Our travelers’ friendship proved, perhaps, too intense, as right before the entrance and guard with a machine gun slung over his shoulder pointed at our group of four and shushed us with rather more force than seemed necessary. I immediately began to giggle, which prompted the guard to beacon me over, and, after violently searching my purse, point a finger in my face and declare, “No laughing!”
Y’all, I tried.
I stood in the winding, un-air conditioned line winding towards Ho Chi Minh, and I thought over every single sad and/or awful thing that had ever befallen me. I thought about my Nana being unwell and how in first grade I was too embarrassed to ask to go to the bathroom and made the deliberate, intentional choice to pee myself. I thought about that perm I got in the eighth grade. I thought about how badly my first college boyfriend had broken my heart and how much smaller my life would be if we were still together.
And it worked. Right up until I stepped into the room actually holding Ho’s body. I’m not going to dwell overmuch on the specifics of the body, which may or may not bear a passing resemblance to a Yoda and may or may not look small enough to stash in the pockets of some cargo pants. That wasn’t the kicker. The top of the glass coffin, however, with its intricately carved wooden flowers and flourishes, reminded me immediately of a sheet cake one could buy at the Piggly Wiggly. I thought about birthday parties at the skating rink, and the battle to get one of the three corners not set aside for the birthday celebrant. I became convinced that an aerial view of the coffin would reveal the words Con-GRAD-ulations Uncle Ho in blue icing scrawl.
Y’all, I tried.
But I failed.
An armed guard grabbed my wrist, pulled me from the line, and shoved me out the nearest exit. I don’t know if he spoke little English, or if “No, no no, go now,” is all he wanted to tell me. He shouted something in Vietnamese to the guard by the main gate, and when I stumbled across the road, the main gate guard drug me back across the street, towards the mausoleum, and forced me to repeat my walk of shame via the crosswalk.
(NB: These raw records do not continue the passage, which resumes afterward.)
Lemma mono_superpath_rev u v s :
  mono_superpath e c u v s -> mono_superpath e c v u (rev s).
Proof.
case=> s_gt0 [uniq_s [k p_s]]; split; first by rewrite size_rev.
split; first by rewrite -rev_cons -rev_rcons rev_uniq.
exists k; rewrite -rev_path last_rcons belast_rcons rev_cons in p_s.
apply: sub_path p_s => x y /andP[e_yx /eqP c_yx].
by rewrite e_sym e_yx -(c_sym e_yx) c_yx eqxx.
Qed.

Lemma mono_superpath_head u v s : mono_superpath e c u v s ->
  let x := head u s in [/\ e u x, x != v, x \in s & ~~ blocked u x v].
Proof.
case=> + [+ [k]]; case: s => [//|x s] _ /=.
rewrite mem_head inE negb_or => /and3P[/andP[_ u_sv] x_sv _].
move=> /andP[/andP[e_ux /eqP c_ux] p_xs]; split=> //.
  by apply: contraNneq x_sv => <-; rewrite mem_rcons mem_head.
have := p_xs; rewrite rcons_path => /andP[_ /andP[e_zv /eqP c_zv]].
move: p_xs; rewrite headI /= => /andP[/andP[e_xy /eqP c_xy] _].
have two_nbrs : 1 < cdeg k x.
  have neq_uy : u != head v s by apply: contraNneq u_sv => ->; rewrite headI mem_head.
  have nbrs_x : [set u; head v s] \subset [set y | e x y && (c x y == k)].
    apply/subsetP => z; rewrite !inE => /orP[]/eqP->; last by rewrite e_xy c_xy eqxx.
    by rewrite e_sym e_ux -(c_sym e_ux) c_ux eqxx.
  by apply: leq_trans (subset_leq_card nbrs_x); rewrite cards2 neq_uy.
by rewrite /blocked c_ux negb_or -lt0n (cdeg_gt0_sym e_zv c_zv) neq_ltn two_nbrs orbT.
Qed.

Lemma mono_superpath_last u v s : mono_superpath e c u v s ->
  let y := last v s in [/\ e v y, y != u, y \in s & ~~ blocked v y u].
Proof.
move/mono_superpath_rev/mono_superpath_head; rewrite /= head_rev => -[? ? ? ?].
by split; rewrite // -mem_rev.
Qed.

Lemma mono_superpath_head_last u v s : mono_superpath e c u v s ->
  head u s = last v s -> c u (head u s) = c (head u s) v.
Proof.
case=> + [+ [k]]; case: s => [//|x [|y s]] _ /=.
  by move=> _ /and3P[/andP[_ /eqP->] /andP[_ /eqP->] _].
move=> /and4P[_ x_nin _ _] _ x_last.
by move: x_nin; rewrite x_last -rcons_cons mem_rcons inE mem_last orbT.
Qed.

Lemma disjoint_superpaths_bound u v m : u != v ->
  has_disjoint_mono_superpaths e c u v m ->
  2 * m + #|blocked_nbrs u v| + #|blocked_nbrs v u| + #|mixed_nbrs u v| + 2 * e u v
    <= deg e u + deg e v.
Proof.
move=> neq_uv [ps [<- [mono_ps dis_ps]]].
set heads := map (head u) ps; set lasts := map (last v) ps.
have head_in s : s \in ps -> head u s \in s by case/mono_ps/mono_superpath_head.
have last_in s : s \in ps -> last v s \in s by case/mono_ps/mono_superpath_last.
have card_heads : #|heads| = size ps.
  by rewrite -(size_map (head u)); apply/card_uniqP/pairwise_disjoint_map_uniq.
have card_lasts : #|lasts| = size ps.
  by rewrite -(size_map (last v)); apply/card_uniqP/pairwise_disjoint_map_uniq.
have heads_first x : x \in heads -> [/\ e u x, x != v & ~~ blocked u x v].
  by case/mapP => s /mono_ps/mono_superpath_head[? ? _ ?] ->.
have lasts_last x : x \in lasts -> [/\ e v x, x != u & ~~ blocked v x u].
  by case/mapP => s /mono_ps/mono_superpath_last[? ? _ ?] ->.
have heads_lasts_colour x : x \in heads -> x \in lasts -> c u x = c x v.
  case/mapP => s ps_s -> /mapP[t ps_t st].
  have est : s = t.
    by apply: (pairwise_disjoint_eq dis_ps ps_s ps_t (head_in s ps_s)); rewrite st last_in.
  by subst t; apply: mono_superpath_head_last (mono_ps s ps_s) st.
set C := mixed_nbrs u v; set heads_set := [set x in heads].
have bound_u : #|heads| + #|blocked_nbrs u v| + #|C :\: heads_set| <= #|[set x | e u x] :\ v|.
  apply: leq_card3 => x; rewrite !inE.
  case: (boolP (x \in heads)) => [/heads_first[-> -> /negbTE->] // | _] /=.
  by case: (eqVneq x v) => [->|_]; case: (e u x) (blocked u x v) => [] [];
    rewrite /= ?eqxx ?e_irr ?andbF ?add0n ?leq_b1.
have bound_v : #|lasts| + #|blocked_nbrs v u| + #|C :&: heads_set| <= #|[set x | e v x] :\ u|.
  apply: leq_card3 => x; rewrite !inE.
  case: (boolP (x \in lasts)) => [lasts_x | _] /=.
    have [-> -> /negbTE->] := lasts_last x lasts_x.
    case: (boolP (x \in heads)) => [heads_x | _]; last by rewrite !andbF.
    by rewrite (heads_lasts_colour x heads_x lasts_x) eqxx /= !andbF.
  rewrite [e x v]e_sym.
  by case: (eqVneq x u) => [->|_]; case: (e v x) (blocked v x u) => [] [];
    rewrite /= ?eqxx ?e_irr ?andbF ?add0n ?leq_b1.
rewrite card_heads in bound_u; rewrite card_lasts in bound_v.
rewrite /deg (cardsD1 v [set x | e u x]) (cardsD1 u [set x | e v x]) !inE [e v u]e_sym.
rewrite -(cardsID heads_set C); lia.
Qed.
My memories of being ejected from the mausoleum are fragmented and uncertain, like looking at my life through a dirty window. What I remember most clearly is the sharp corners of the person I believed myself to be, a savvy, considerate traveler, grating against the person I actually was: a sunburnt, day-drunk asshole laughing at the history of the place she had come to. There is a lingering queasiness, even in hindsight, to knowing I was the villain.
Twenty minutes later Jenny found me across the street, chastened and terrified, but not actually any worse for the wear. Years later, friends would physically bar me from the entrance to Mao Zedong’s mausoleum in Beijing. “They send Americans to jail all the time. Your disrespectful ass will get shot.”
I laughed, because my friends are funny. I laughed also in relief, that I had been stopped before I could be the worst version of myself, because I had been granted more time to learn how to be the person I told myself I was.